(* Let $\mathbb L$ be a combinatorially indecomposable tropical Lagrangian multi-section of rank $r$ over a complete fan $\Sigma$ in $N_{\mathbb R}\cong\mathbb R^n$. For any $\tau\in\Sigma(n-1)$ and any cone $\omega'$ of $L$, the endomorphism $N_\tau(\omega')$ is nilpotent, and for any distinct cones $\omega'\ne\omega''$ of $L$ lying over the same cone $\omega\in\Sigma$, $N_\tau(\omega')N_\tau(\omega'')=0$. In particular, $[N_\tau(\omega'),N_\tau(\omega'')]=0$ for any cones $\omega',\omega''$ of $L$ lying over the same $\omega$.
   Context: $N$ lattice of rank $n$, $M=\mathrm{Hom}(N,\mathbb Z)$, $\Sigma(k)$ the $k$-dimensional cones of $\Sigma$, $\tau^\vee$ the dual cone, $U(\tau)=\mathrm{Spec}\,\mathbb C[\tau^\vee\cap M]$, $z^m$ monomials. $\mathbb L=(L,\Sigma_L,\mu,\pi,\varphi)$: $(L,\Sigma_L)$ a cone complex (finite union of closed cones each identified with a rational polyhedral cone, faces being cones, $L$ the disjoint union of relative interiors), $\mu$ a positive integer weight constant on relative interiors, $\pi$ a branched covering onto $(N_{\mathbb R},\Sigma)$ mapping cones homeomorphically onto cones with weighted fibre count $r$, $\varphi$ continuous and integral linear on each cone. $m(\sigma')\in M$ is the slope of $\varphi$ on a maximal cone $\sigma'$; for $\sigma\in\Sigma(n)$, $\sigma^{(1)},\dots,\sigma^{(r)}$ are its lifts listed with multiplicity. Combinatorially indecomposable: not combinatorially equivalent to a combinatorial union of two connected tropical Lagrangian multi-sections; such $\mathbb L$ is $(n-1)$-separable, i.e. distinct lifts of any $\tau\in\Sigma(n-1)$ carry distinct restrictions of $\varphi$, and its ramification locus lies in the union of cones of dimension $\le n-2$. $N_\tau(\omega')$: let $\tau=\sigma_1\cap\sigma_2$ with $\sigma_1,\sigma_2\in\Sigma(n)$. $N_\tau(\omega')$ is the endomorphism of the trivial rank $r$ bundle on $U(\tau)$ with frame $\{1(\sigma_1^{(\alpha)})\}$ whose $(\alpha,\beta)$-entry is $n^{(\alpha\beta)}_\tau(\omega')z^{m(\sigma_1^{(\alpha)})-m(\sigma_1^{(\beta)})}$, for arbitrary fixed constants $n^{(\alpha\beta)}_\tau(\omega')\in\mathbb C$, if $\omega'\subset\sigma_1^{(\alpha)}\cap\sigma_1^{(\beta)}$, $\alpha\ne\beta$ and $m(\sigma_1^{(\alpha)})-m(\sigma_1^{(\beta)})\in\tau^\vee\cap M$, and $0$ otherwise. *)

From HB Require Import structures.
From mathcomp Require Import all_boot all_order all_algebra.
From mathcomp Require Import reals.
From mathcomp.real_closed Require Import complex.
From mathcomp Require Import mpoly.
From Stdlib Require Import ClassicalEpsilon.

Set Implicit Arguments.
Unset Strict Implicit.
Unset Printing Implicit Defensive.

Import GRing.Theory Num.Theory.
Local Open Scope ring_scope.

Section TLMS.
Variables (R : realType) (n : nat).

(* N = M = Z^n (row vectors), N_R = R^n; <m, v> is the natural pairing. *)
Definition pairMR (m : 'rV[int]_n) (v : 'rV[R]_n) : R :=
  \sum_(i < n) (m 0 i)%:~R * v 0 i.
Definition dotR (u v : 'rV[R]_n) : R := \sum_(i < n) u 0 i * v 0 i.
Definition toR (g : 'rV[int]_n) : 'rV[R]_n := map_mx (fun z : int => z%:~R) g.

Definition cone_of (g : seq 'rV[int]_n) (v : 'rV[R]_n) : Prop :=
  exists a : 'I_(size g) -> R,
    (forall i, 0 <= a i) /\ v = \sum_(i < size g) a i *: toR g`_i.

Definition cone_dim (g : seq 'rV[int]_n) : nat :=
  \rank (\matrix_(i < size g, j < n) ((g`_i) 0 j)%:~R : 'M[R]_(size g, n)).

Definition is_face (A B : 'rV[R]_n -> Prop) : Prop :=
  exists u : 'rV[R]_n,
    (forall v, B v -> 0 <= dotR u v) /\
    (forall v, A v <-> (B v /\ dotR u v = 0)).

Definition same_set (A B : 'rV[R]_n -> Prop) : Prop := forall v, A v <-> B v.

Definition is_fan (Sig : finType) (gens : Sig -> seq 'rV[int]_n) : Prop :=
  [/\ forall s t, same_set (cone_of (gens s)) (cone_of (gens t)) -> s = t,
      forall s v, cone_of (gens s) v -> cone_of (gens s) (- v) -> v = 0,
      forall s (F : 'rV[R]_n -> Prop), is_face F (cone_of (gens s)) ->
        exists t, same_set (cone_of (gens t)) F &
      forall s t,
        is_face (fun v => cone_of (gens s) v /\ cone_of (gens t) v)
                (cone_of (gens s))].

Definition complete_fan (Sig : finType) (gens : Sig -> seq 'rV[int]_n) : Prop :=
  is_fan gens /\ forall v : 'rV[R]_n, exists s, cone_of (gens s) v.

Definition sface (Sig : finType) (gens : Sig -> seq 'rV[int]_n) (t s : Sig) :=
  is_face (cone_of (gens t)) (cone_of (gens s)).

(* Tropical Lagrangian multi-section of rank r over the fan (Sig, gens):
   Lc = cones of L, lface d c <-> d is a face of c (d is contained in c),
   pi c = the cone of Sigma onto which c is mapped homeomorphically,
   mu c = the weight on the relative interior of c,
   slope c = an element of M with phi(x) = <slope c, pi x> for x in c. *)
Definition is_TLMS (Sig : finType) (gens : Sig -> seq 'rV[int]_n)
  (Lc : finType) (lface : rel Lc) (pi : Lc -> Sig) (mu : Lc -> nat)
  (slope : Lc -> 'rV[int]_n) (r : nat) : Prop :=
  [/\
      [/\ forall c, lface c c,
          forall c d, lface c d -> lface d c -> c = d &
          forall c d e, lface c d -> lface d e -> lface c e],
      (* pi maps faces to faces, and each cone homeomorphically onto its image:
         faces of c correspond bijectively to faces of pi c *)
      forall d c, lface d c -> sface gens (pi d) (pi c),
      forall c t, sface gens t (pi c) ->
        exists d, [/\ lface d c, pi d = t &
                      forall d', lface d' c -> pi d' = t -> d' = d],
      (* positive weights; branched covering with weighted fibre count r *)
      [/\ forall c, (0 < mu c)%N,
          forall s, (\sum_(c | pi c == s) mu c)%N = r &
          forall d s, sface gens (pi d) s ->
            (\sum_(c | lface d c && (pi c == s)) mu c)%N = mu d] &
      (* phi continuous: restrictions agree on common faces *)
      forall d c, lface d c -> forall v, cone_of (gens (pi d)) v ->
        pairMR (slope c) v = pairMR (slope d) v].

Definition separable_codim1 (Sig : finType) (gens : Sig -> seq 'rV[int]_n)
  (Lc : finType) (pi : Lc -> Sig) (slope : Lc -> 'rV[int]_n) : Prop :=
  forall tau, (cone_dim (gens tau)).+1 = n ->
  forall t1 t2, pi t1 = tau -> pi t2 = tau -> t1 <> t2 ->
    exists v, cone_of (gens tau) v /\ pairMR (slope t1) v <> pairMR (slope t2) v.

Definition ramification_codim2 (Sig : finType) (gens : Sig -> seq 'rV[int]_n)
  (Lc : finType) (pi : Lc -> Sig) (mu : Lc -> nat) : Prop :=
  forall c, (1 < mu c)%N -> ((cone_dim (gens (pi c))).+2 <= n)%N.

(* consequences of combinatorial indecomposability recorded in the paper *)
Definition comb_indecomposable (Sig : finType) (gens : Sig -> seq 'rV[int]_n)
  (Lc : finType) (pi : Lc -> Sig) (mu : Lc -> nat)
  (slope : Lc -> 'rV[int]_n) : Prop :=
  separable_codim1 gens pi slope /\ ramification_codim2 gens pi mu.

Definition in_dual (g : seq 'rV[int]_n) (m : 'rV[int]_n) : Prop :=
  forall v, cone_of g v -> 0 <= pairMR m v.

(* The Laurent monomial z^m, inside the fraction field of C[z_1..z_n]
   (which contains C[M] and hence C[tau^dual cap M]). *)
Definition CC := complex R.
Definition Frac := {fraction {mpoly CC[n]}}.
Definition zmon (m : 'rV[int]_n) : Frac :=
  \prod_(i < n) (tofrac ('X_i : {mpoly CC[n]})) ^ (m 0 i).

(* N_tau(omega'): rows/columns indexed by the lifts sigma_1^(alpha) given by
   the enumeration lift : 'I_r -> Lc; ncst = the constants n^(alpha beta). *)
Definition Nmx (Sig : finType) (gens : Sig -> seq 'rV[int]_n)
  (Lc : finType) (lface : rel Lc) (slope : Lc -> 'rV[int]_n) (r : nat)
  (tau : Sig) (lift : 'I_r -> Lc) (ncst : 'I_r -> 'I_r -> CC) (w : Lc)
  : 'M[Frac]_r :=
  \matrix_(a, b)
    if lface w (lift a) && lface w (lift b) && (a != b) then
      if excluded_middle_informative
           (in_dual (gens tau) (slope (lift a) - slope (lift b)))
      then tofrac (ncst a b)%:MP * zmon (slope (lift a) - slope (lift b))
      else 0
    else 0.

End TLMS.

From HB Require Import structures.
From mathcomp Require Import all_boot all_order all_algebra.
From mathcomp Require Import reals.
From mathcomp.real_closed Require Import complex.
From mathcomp Require Import mpoly.
From mathcomp Require Import boolp.
From Stdlib Require Import ClassicalEpsilon.

Set Implicit Arguments.
Unset Strict Implicit.
Unset Printing Implicit Defensive.

Import Order.TTheory GRing.Theory Num.Theory.
Local Open Scope ring_scope.

(* Over the maximal cone sigma_1 the multi-section is unramified, so the lifts
   sigma_1^(alpha) are distinct and N_tau(omega') is supported on the pairs
   alpha != beta with m(sigma_1^(alpha)) - m(sigma_1^(beta)) in tau^dual.
   This relation is a strict order: were both differences in tau^dual, the two
   slopes would agree on tau, so the faces of sigma_1^(alpha) and
   sigma_1^(beta) over tau (distinct, since tau is unramified) would carry the
   same restriction of phi, against (n-1)-separability.  A matrix supported on
   a strict order is nilpotent.  For the product, a cone of L has only one
   face over each cone of the fan, so no lift contains two distinct cones over
   the same omega and every term of N_tau(omega') N_tau(omega'') vanishes. *)

Section MatrixSupport.
Variable F : pzRingType.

● ● ● ● ● ● ●

All lines that contain the word "zmon" should be copied from the listing.

### Result
Definition zmon (m : 'rV[int]_n) : Frac :=
      then tofrac (ncst a b)%:MP * zmon (slope (lift a) - slope (lift b))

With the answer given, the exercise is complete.